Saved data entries
Theorem theorem6 (R : realType) :
  exists c : R, 0 < c /\
  forall (n d : nat) (x : 'I_n -> 'rV[R]_d),
    injective x ->
    (forall i, dot (x i) (x i) = 1) ->
    (forall i j, 0 <= dot (x i) (x j) <= 1) ->
    forall Tstar : tree 'I_n, hierarchy Tstar ->
    (forall T : tree 'I_n, hierarchy T -> cost (dotC x) Tstar <= cost (dotC x) T) ->
    (expected_cost x <= (c * n%:R * cost (dotC x) Tstar)%:E)%E.
Proof.
exists 1; split => // n d x _ _ C01 Tstar Tstar_hier _.
have C_ge0 i j : 0 <= dotC x i j by case/andP: (C01 i j).
rewrite /expected_cost; set dist := rtree_dist x n [set: 'I_n].
apply: (@le_trans _ _ (\sum_(pt <- dist) (n%:R * sim_sum (dotC x))%:E * pt.1)%E).
  rewrite [leLHS]big_seq [leRHS]big_seq; apply: lee_sum => pt pt_in.
  rewrite [leRHS]muleC; apply: lee_wpmul2l; first exact: rtree_dist_weight_ge0 pt_in.
  rewrite lee_fin cost_le_sim_sum //.
  by have := rtree_dist_size_leaves pt_in; rewrite cardsT card_ord.
apply: le_trans (ge0_sume_mul_le _ _ (rtree_dist_mass_le1 x _ _)) _.
- by rewrite lee_fin mulr_ge0 ?sim_sum_ge0.
- exact: rtree_dist_weight_ge0.
by rewrite mul1r lee_fin ler_wpM2l // sim_sum_le_cost.
Qed.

* Brief:
In the lines above, find the word "Tstar" and copy each line that contains it.

* Result below:
    forall Tstar : tree 'I_n, hierarchy Tstar ->
    (forall T : tree 'I_n, hierarchy T -> cost (dotC x) Tstar <= cost (dotC x) T) ->
    (expected_cost x <= (c * n%:R * cost (dotC x) Tstar)%:E)%E.
exists 1; split => // n d x _ _ C01 Tstar Tstar_hier _.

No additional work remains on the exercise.